Every business who is raising prices to support paying their workers minimum wage are at fault.
Minimum wage laws are a trailing benefit. Always behind the times. Every raise to the minimum wage is a (partial) catch up to where it really should be in terms of the concept of a living wage (for anyone - not the Republican talking point, entirely invented out of thin air, that it's meant to be for teenagers with part time jobs).
Those business owners, until each advance, are already making out at the benefit of their workers. So you can blame poor planning, poor foresight there.
And if that's still a painful pill to swallow, rather than "government hates small business", then as another reminder - you have no constitutional right to a profitable business.
I don't think you understand how businesses even work. If a company has to charge X amount to stay above water, and you raise wages, X has to increase. This isn't about some "constitutional right to a profitable business." It's that if the business isn't profitable, it goes under, and then no one has a job because there's no money to pay them with. Is that what you want?
I am saying businesses KNOW that the minimum wage is behind where it should be, so when it rises to where it should be, that is not an attack on them. They should have foresight. The minimum wage rising is making those employees whole, not giving them an advantage.
Yes, costs increase. Failure to plan for that is poor planning. Maybe you should have smaller expenses, instead of expecting society to allow you to underpay employees. Maybe the owner doesn't need a new Mercedes or a second international vacation for their family that year.
If paying workers a liveable wage makes your business not profitable, then why is it on the workers to sacrifice to keep you in the black? Small business owners are often all about bootstraps and such, but believe themselves to be an inviolate part of America.
To be very clear, small business is very important. However, it is not more important than people being able to afford food and shelter. The poverty line, which is used to help determine the minimum wage, is set at "3 times the cost of minimum dietary requirements in 1963". It doesn't cover shelter at all.
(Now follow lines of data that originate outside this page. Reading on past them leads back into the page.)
Lemma Rabs_e2t_sub_inv_le :
  Rabs (e2t p k - 1 / INR p) <= 3 * (k / INR p) ^ 2 * (1 / INR p).
Proof.
pose proof (INR_ge3 p Hp). pose proof (e2t_le_inv p k Hp Hk). pose proof e2t_mul_ge.
rewrite Rabs_left1 by lra.
apply Rmult_le_reg_r with (INR p); [lra|].
replace (- (e2t p k - 1 / INR p) * INR p) with (1 - e2t p k * INR p) by (field; lra).
replace (3 * (k / INR p) ^ 2 * (1 / INR p) * INR p) with (3 * (k / INR p) ^ 2) by (field; lra).
lra.
Qed.

Lemma Rabs_f2_sub1_le : Rabs (f2 p k - 1) <= 1 / INR p + (k / INR p) ^ 2.
Proof.
pose proof (e1_denom_pos p k Hp Hk). pose proof (INR_ge3 p Hp). pose proof (k_e1_add2_le p k Hp Hk).
assert (0 <= k * e1 (p + 2) k) by (apply Rmult_le_pos; [lra|apply e1_ge0; [lia|lra]]).
rewrite (f2_rec_div p k Hp Hk).
set (D := INR p + k * e1 (p + 2) k) in *. set (P := INR p) in *. set (r := k / P) in *.
assert (HD : P <= D <= P + P * r ^ 2) by (unfold D; lra).
assert (Hup : (P - 1) / D <= 1).
{ apply Rmult_le_reg_r with D; [lra|]. replace ((P - 1) / D * D) with (P - 1) by (field; lra).
  lra. }
assert (Hlow : 1 - 1 / P - r ^ 2 <= (P - 1) / D).
{ apply Rmult_le_reg_r with (P * D); [nra|].
  replace ((P - 1) / D * (P * D)) with (P * (P - 1)) by (field; lra).
  replace ((1 - 1 / P - r ^ 2) * (P * D)) with ((P - 1 - P * r ^ 2) * D) by (field; lra).
  destruct (Rle_or_lt (P - 1 - P * r ^ 2) 0).
  - assert (0 <= - (P - 1 - P * r ^ 2) * D) by (apply Rmult_le_pos; lra). nra.
  - apply Rle_trans with ((P - 1 - P * r ^ 2) * (P + P * r ^ 2)); [apply Rmult_le_compat_l; lra|].
    assert (0 <= P ^ 2 * r ^ 4) by (apply Rmult_le_pos; [nra|apply pow_le; unfold r;
      apply Rlt_le, Rdiv_lt_0_compat; lra]).
    nra. }
rewrite Rabs_left1 by lra. lra.
Qed.

Lemma Rabs_e1_sub1_le : Rabs (e1 p k - 1) <= INR p / k.
Proof.
pose proof (e1_le1 p k Hp Hk). pose proof (e1_le1 (p + 2) k ltac:(lia) Hk).
pose proof (e1_ge0 p k Hp Hk). pose proof (e1_rec p k Hp Hk). pose proof (INR_ge3 p Hp).
rewrite Rabs_left1 by lra.
apply Rmult_le_reg_r with k; [lra|]. replace (INR p / k * k) with (INR p) by (field; lra).
assert (0 <= e1 p k * k * (1 - e1 (p + 2) k)) by (apply Rmult_le_pos; [apply Rmult_le_pos|]; lra).
nra.
Qed.

Lemma e2t_le_large : INR p + 2 <= k -> e2t p k <= 4 * (INR p / k ^ 2).
Proof.
intros Hlarge. pose proof (INR_ge3 p Hp).
pose proof (e1_rec (p + 2) k ltac:(lia) Hk) as Hrec2. rewrite plus_INR in Hrec2. simpl INR in Hrec2.
pose proof (e1_le1 (p + 2 + 2) k ltac:(lia) Hk).
pose proof (e1_ge0 (p + 2) k ltac:(lia) Hk). pose proof (e1_ge0 (p + 2 + 2) k ltac:(lia) Hk).
assert (0 <= e1 (p + 2) k * k * (1 - e1 (p + 2 + 2) k))
  by (apply Rmult_le_pos; [apply Rmult_le_pos|]; lra).
assert (e1 (p + 2) k * (INR p + (1 + 1)) <= e1 (p + 2) k * k) by (apply Rmult_le_compat_l; lra).
assert (HB : 1 / 2 <= e1 (p + 2) k) by nra.
pose proof (e2t_ge0 (p + 2) k ltac:(lia) Hk). pose proof (e1_denom_pos p k Hp Hk).
assert (0 <= k ^ 2 * e2t (p + 2) k) by (apply Rmult_le_pos; [apply pow2_ge_0|lra]).
rewrite (e2t_rec p k Hp Hk). set (D := INR p + k * e1 (p + 2) k) in *.
assert (HD : k / 2 <= D) by (unfold D; nra).
apply Rle_trans with (INR p / D ^ 2).
- apply Rmult_le_compat_r; [apply Rlt_le, Rinv_0_lt_compat, pow_lt|]; lra.
- apply Rmult_le_reg_r with (D ^ 2 * k ^ 2); [apply Rmult_lt_0_compat; apply pow_lt; lra|].
  replace (INR p / D ^ 2 * (D ^ 2 * k ^ 2)) with (INR p * k ^ 2) by (field; lra).
  replace (4 * (INR p / k ^ 2) * (D ^ 2 * k ^ 2)) with (4 * INR p * D ^ 2) by (field; lra).
  assert (k ^ 2 <= 4 * D ^ 2) by nra. nra.
Qed.

Lemma Rabs_f2_sub_ratio_le :
  Rabs (f2 p k - INR p / k) <= INR p / k * (INR p / k + 1 / INR p).
Proof.
pose proof Rabs_e1_sub1_le. pose proof (e1_le1 p k Hp Hk). pose proof (e1_ge0 p k Hp Hk).
pose proof (INR_ge3 p Hp).
rewrite (f2_e1 p k Hp Hk). set (A := e1 p k) in *. set (P := INR p) in *.
replace ((P - 1) * A / k - P / k) with ((P * (A - 1) - A) / k) by (field; lra).
rewrite Rabs_div, (Rabs_right k) by lra.
apply Rmult_le_reg_r with k; [lra|].
replace (Rabs (P * (A - 1) - A) / k * k) with (Rabs (P * (A - 1) - A)) by (field; lra).
replace (P / k * (P / k + 1 / P) * k) with (P * (P / k) + 1) by (field; lra).
eapply Rle_trans; [apply Rabs_triang|].
rewrite Rabs_Ropp, Rabs_mult, (Rabs_right P), (Rabs_right A) by lra.
assert (P * Rabs (A - 1) <= P * (P / k)) by (apply Rmult_le_compat_l; lra). lra.
Qed.

Lemma e1_qroot_bounds :
  k / (INR p + k * qroot (INR p + 1) k) <= e1 p k <= qroot (INR p - 1) k.
Proof.
pose proof (INR_ge3 p Hp). pose proof (e1_ge0 p k Hp Hk).
pose proof (e1_ge0 (p + 2) k ltac:(lia) Hk).
pose proof (e2t_e1 p k Hp Hk). pose proof (e2t_ge0 p k Hp Hk).
pose proof (e2t_e1 (p + 2) k ltac:(lia) Hk). pose proof (e2t_ge0 (p + 2) k ltac:(lia) Hk).
rewrite plus_INR in *. simpl INR in *.
assert (HB : e1 (p + 2) k <= qroot (INR p + 1) k) by (apply le_qroot; lra).
split; [|apply le_qroot; lra].
rewrite (e1_rec_div p k Hp Hk). pose proof (qroot_pos (INR p + 1) k ltac:(lra) Hk).
pose proof (e1_denom_pos p k Hp Hk).
assert (0 < INR p + k * qroot (INR p + 1) k) by nra.
apply Rmult_le_compat_l; [lra|]. apply Rinv_le_contravar; [lra|].
apply Rplus_le_compat_l, Rmult_le_compat_l; lra.
Qed.

End Estimates.

Lemma filterlim_nat_diverges (p : nat -> nat) :
  nat_diverges p -> filterlim p eventually eventually.
Proof.
intros Hd P [N HN]. destruct (Hd N) as [M HM]. exists M. intros n Hn. apply HN, HM, Hn.
Qed.

Lemma is_lim_seq_inv_INR (p : nat -> nat) :
  nat_diverges p -> is_lim_seq (fun n => 1 / INR (p n)) 0.
Proof.
intros Hd.
apply (is_lim_seq_ext (fun n => / INR (p n))); [intros; unfold Rdiv; ring|].
replace (Finite 0) with (Rbar_inv p_infty) by reflexivity.
apply is_lim_seq_inv; [|discriminate].
exact (filterlim_comp _ _ _ p INR _ _ _ (filterlim_nat_diverges p Hd) is_lim_seq_INR).
Qed.

Lemma littleo_of_le (u v w : nat -> R) : is_lim_seq w 0 ->
  eventually (fun n => Rabs (u n) <= w n * Rabs (v n)) -> littleo u v.
Proof.
intros Hw Hb eps Heps. apply is_lim_seq_spec in Hw.
destruct (filter_and _ _ (Hw (mkposreal eps Heps)) Hb) as [N HN].
exists N. intros n Hn. destruct (HN n Hn) as [H1 H2]. simpl in H1. rewrite Rminus_0_r in H1.
pose proof (Rle_abs (w n)). pose proof (Rabs_pos (v n)).
eapply Rle_trans; [exact H2|]. apply Rmult_le_compat_r; lra.
Qed.

Lemma Un_cv_of_le (u w : nat -> R) (l : R) : is_lim_seq w 0 ->
  eventually (fun n => Rabs (u n - l) <= w n) -> Un_cv u l.
Proof.
intros Hw Hb. apply is_lim_seq_Reals, is_lim_seq_spec. intros eps.
apply is_lim_seq_spec in Hw.
apply (filter_imp (fun n => Rabs (w n - 0) < eps /\ Rabs (u n - l) <= w n));
  [|apply filter_and; auto].
intros n [H1 H2]. rewrite Rminus_0_r in H1. pose proof (Rle_abs (w n)). lra.
Qed.

Section Asymptotics.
Looking at inflation alone, minimum wage should be hitting or exceeding $20/hr. Small businesses who have coasted - or struggled - paying employees $7.25/hr for DECADES (fun fact, the gap between minimum wage increases gets longer and longer every cycle) shouldn't be expecting a free ride just because "small business!"
There are ways to have a profitable business that pays an appropriate wage. Sometimes that comes at the cost of owner dividends. So be it.
Minimum wage laws are a trailing benefit. Always behind the times. Every raise to the minimum wage is a (partial) catch up to where it really should be in terms of the concept of a living wage (for anyone - not the Republican talking point, entirely invented out of thin air, that it's meant to be for teenagers with part time jobs).
Those business owners, until each advance, are already making out at the benefit of their workers. So you can blame poor planning, poor foresight there.
And if that's still a painful pill to swallow, rather than "government hates small business", then as another reminder - you have no constitutional right to a profitable business.